電車の中で足を踏まれても「ええがなええがな」と笑い、通りすがりの子供に「ハゲ」とそしられても「ええがなええがな」と頭をなでる。昔なら、「お前もハゲにしてやろうか」と髪の毛をむしっているところだ。

仕事に対する姿勢も変化していて、すぐに手を抜く外部スタッフに対して「それでもあなたはクリエーターですかあ」と頬をプルプルさせることもなくなった。

で、実は私、現在ちょっとしたトラブルに巻き込まれている。本来私は、トラブルを引き起こす方だったのだが、今回はもらい事故のようなものだ。相手は、ショッカーや秘密結社鷹の爪ではなく、ただの一般企業である。

まあ、トラブルというほどのものではないのだが、それでも多少の損害は出そうで、念のためにその過程を資料として作ってみたのだ。テレビ局に企画を持ち込むかも知れないし、訴訟ということになれば弁護士に説明する必要もある。

そしたら、あなた。

結構、ワクワクして楽しいのだ。仕事の企画書づくりに関しては、最近は「面倒くさいなあ。いや、これはウンコ臭いと言っても過言ではない」などとチンタラ仕事を進めていたのだが、今回の資料作りは「こうした方がわかりやすいな」「ここは、見せ方を工夫しよう」などと極めて前向きなのである。
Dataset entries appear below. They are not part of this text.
Lemma gap_ratio_le {R : realType} {p : nat} {L A S W D V kp : R} :
  (2 <= p)%N -> 0 < L -> 0 < A -> 0 < D -> 0 < V -> 0 < kp -> 0 <= W ->
  2 * S + W <= D ^+ 2 ->
  (p`!)%:R / ((p%:R + 1) * L) / 2 ^+ (p - 1) * kp <= A * D ^+ (p - 1) * V ->
  S / A <= L * D ^+ p.+1 / kp * ((p%:R + 1) * 2 ^+ (p - 2) * V / (p`!)%:R).
Proof.
case: p => [|[|q]] // _ L0 A0 D0 V0 kp0 W0 SWD.
rewrite !subSS !subn0 (exprS (2 : R) q).
set C := _ / _ / _; set c := (q.+2)`!%:R.
have c0 : 0 < c by rewrite ltr0n fact_gt0.
have C0 : 0 < C by rewrite !divr_gt0 ?mulr_gt0 ?exprn_gt0 ?addr_gt0.
move=> CA; rewrite ler_pdivrMr //.
have -> : L * D ^+ q.+3 / kp * ((q.+2%:R + 1) * 2 ^+ q * V / c) * A =
    D ^+ 2 / 2 * (A * D ^+ q.+1 * V / (C * kp)).
  rewrite /C -(addn2 q.+1) exprD; set Dq := D ^+ q.+1; set tq := (2 : R) ^+ q.
  by field; rewrite !gt_eqF ?exprn_gt0 // addr_gt0 // ltr_wpDr.
apply: le_trans (_ : S <= D ^+ 2 / 2) _; first lra.
have Ckp0 : 0 < C * kp by rewrite mulr_gt0.
by rewrite ler_peMr ?divr_ge0 ?sqr_ge0 // ler_pdivlMr // mul1r.
Qed.

Section ProximalIterates.
Context {R : realType} {n : nat}.
Context {B : 'M[R]_n} {U : set 'rV[R]_n} {f : 'rV[R]_n -> R} {h : 'rV[R]_n -> \bar R}.
Context {xstar : 'rV[R]_n} {x Fp g : nat -> 'rV[R]_n} {a delta : nat -> R}.
Context {p K : nat} {L eps : R}.
Hypotheses (HB : sym_posdef B) (p2 : (2 <= p)%N) (L0 : 0 < L) (eps0 : 0 < eps).
Hypotheses (hprop : proper_fun h) (hconv : convex_efun h) (domU : dom h `<=` U)
  (fconv : convex_fun_on U f) (hxs : dom h xstar).
Hypothesis delta_ge0 : forall k, (1 <= k)%N -> 0 <= delta k.
Hypothesis a_step : forall k, (k < K)%N -> a k.+1 = step B p L (Fp k).
Hypothesis prox_step : forall k, (k < K)%N ->
  subdiff (Phi B f h (a k.+1) (x k)) (x k.+1) (g k.+1) /\ Bdualnorm B (g k.+1) <= delta k.+1.
Hypothesis Fp_step : forall k, (k < K)%N ->
  Fp k.+1 = (a k.+1)^-1 *: (g k.+1 - (x k.+1 - x k) *m B).
Hypothesis Fp_neq0 : forall i, (i <= K)%N -> Fp i != 0.
Hypothesis gap : forall k, (1 <= k <= K)%N -> (Fobj f h xstar + eps%:E <= Fobj f h (x k))%E.

Local Notation N i := (Bdualnorm B (Fp i)).
Local Notation F := (Freal f h).
Local Notation r i := (Bnorm B (x i - xstar)).
Local Notation D k := (Dk B (x 0%N) xstar delta k).
Local Notation C := ((p`!)%:R / ((p%:R + 1) * L) / 2 ^+ (p - 1)).

Lemma N_gt0 {i} : (i <= K)%N -> 0 < N i.
Proof. by move=> iK; apply: Bdualnorm_gt0 => //; exact: Fp_neq0. Qed.

Lemma step_gt0 {i} : (i < K)%N -> 0 < a i.+1.
Proof.
move=> iK; rewrite a_step // mulr_gt0 // powR_gt0 //.
  by rewrite div1r invr_gt0 mulr_gt0 // N_gt0 // ltnW.
by rewrite divr_gt0 ?ltr0n ?fact_gt0 // mulr_gt0 // addr_gt0.
Qed.

Lemma step_pow {i} : (i < K)%N -> a i.+1 ^+ p * N i ^+ (p - 1) = C.
Proof.
move=> iK; have Ni := N_gt0 (ltnW iK).
have p0 : (0 < p)%N by apply: leq_trans p2.
have q0 : 0 <= 1 / (2 * N i) by rewrite divr_ge0 // mulr_ge0 // ltW.
have Q0 : 0 <= (p`!)%:R / ((p%:R + 1) * L) :> R.
  by rewrite divr_ge0 ?ler0n // mulr_ge0 ?addr_ge0 // ltW.
rewrite a_step // /step exprMn !exprn_powR //.
have -> : (p%:R - 1) / p%:R * p%:R = (p - 1)%:R :> R.
  by rewrite natrB // mulfVK // pnatr_eq0 -lt0n.
rewrite mulVf ?pnatr_eq0 -?lt0n // powRr1 // powR_mulrn // expr_div_n expr1n exprMn.
set Np := N i ^+ (p - 1); set tp := (2 : R) ^+ (p - 1).
have Np0 : Np != 0 by rewrite expf_neq0 // gt_eqF.
have tp0 : tp != 0 by rewrite expf_neq0.
by field; rewrite tp0 Np0 !gt_eqF // addr_gt0.
Qed.
Section DoubleAction.
Variables (T : monoidType) (d : Order.disp_t) (Y : meetSemilatticeType d).
Variable eps : Y.
Variables (la : T -> Y -> Y) (ra : Y -> T -> Y).

Definition double_action : Prop :=
  ((forall y, la one y = y) /\ (forall s t y, la (mul s t) y = la s (la t y))) /\
  ((forall y, ra y one = y) /\ (forall s t y, ra y (mul s t) = ra (ra y s) t)) /\
  (forall t x y, la t (x `&` y) = la t x `&` la t y) /\
  (forall t x y, ra (x `&` y) t = ra x t `&` ra y t) /\
  (forall t x, ra (la t x) t = ra eps t `&` x) /\
  (forall t x, la t (ra x t) = x `&` la t eps).

Definition inYmT (p : Y * T) : Prop := p.1 <= la p.2 eps.
Definition mulYmT (p q : Y * T) : Y * T := (p.1 `&` la p.2 q.1, mul p.2 q.2).
Definition starYmT (p : Y * T) : Y * T := (ra p.1 p.2, one).
Definition plusYmT (p : Y * T) : Y * T := (p.1, one).
Definition oneYmT : Y * T := (eps, one).

End DoubleAction.

From Pilot Require Import Defs.
From mathcomp Require Import all_boot all_order.
From Stdlib Require Import ClassicalEpsilon.
Set Implicit Arguments.
Unset Strict Implicit.
Unset Printing Implicit Defensive.
Import Order.TTheory.
Local Open Scope order_scope.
そして私は、つくづく思ったのだ。人生には、敵という存在も必要なのだな、と。

例えば、明確な目標を持つ立派な人は、そうした敵は必要ないだろう。例えば将棋の藤井聡太さんや大リーガーの大谷翔平さんとかだ。だが、私のような中途半端な凡人は、敵という存在は、自らを動かすための原動力として必要なのである。

注意すべきは、敵に対する憎しみという感情にとらわれてしまうことで、これは極めて危険である。

朝ドラ「まんぷく」に出てくる萬平さんだって、まんぷくラーメンのパクリ商品が出た際、相手の社長に対して憎しみの感情にとらわれ、危うく暗黒面に落ちるところだった。ダースベーダのような黒い仮面をかぶった萬平さんなど見たくないのだ。スーハースーハーと隠微に呼吸する萬平さんなど、想像すらしたくないのである。

まあ、面白そうなのでちょっと想像してみたのだが。

できれば、藤井聡太さんのようにひたすら一つの道に打ち込むようなピュアな人生を送りたかったのだが、私には、そんな道はなかった。才能がなかったのかも知れないし、そこに至るまでの努力を続ける意思の力もなかった。

目下の敵がショッカーのような組織ではなく、つまらない企業であることが不満であるが、まあ、多少の活力を与えてくれたことには感謝したい。

ちなみに、ピュアに思える藤井聡太さんであるが、意外と暗黒面を持っていて、夜な夜なスーハースーハーと隠微な呼吸をしている可能性は、ほぼゼロに近いと思われる。皆さんも決して想像しないように。

 

※私に起こったトラブルであるが、弁護士向けの資料とテレビ局向けの提案書、YouTube用のシナリオなどを作ったにも関わらず、無用になってしまった。先方から謝罪と対策案が出されてきたのだ。すでに弁護士の選定も終え、結構張り切っていたのにちょっとガッカリである。ちなみに「あとは顧問弁護士を通してくれ」などとドラマの主人公が言ったりするが、あれ、顧問料は月に3万円程度である。最近は、1万円という事務所もあるらしい。自営業の人は、お守り代わりに契約しておくのもいいと思う。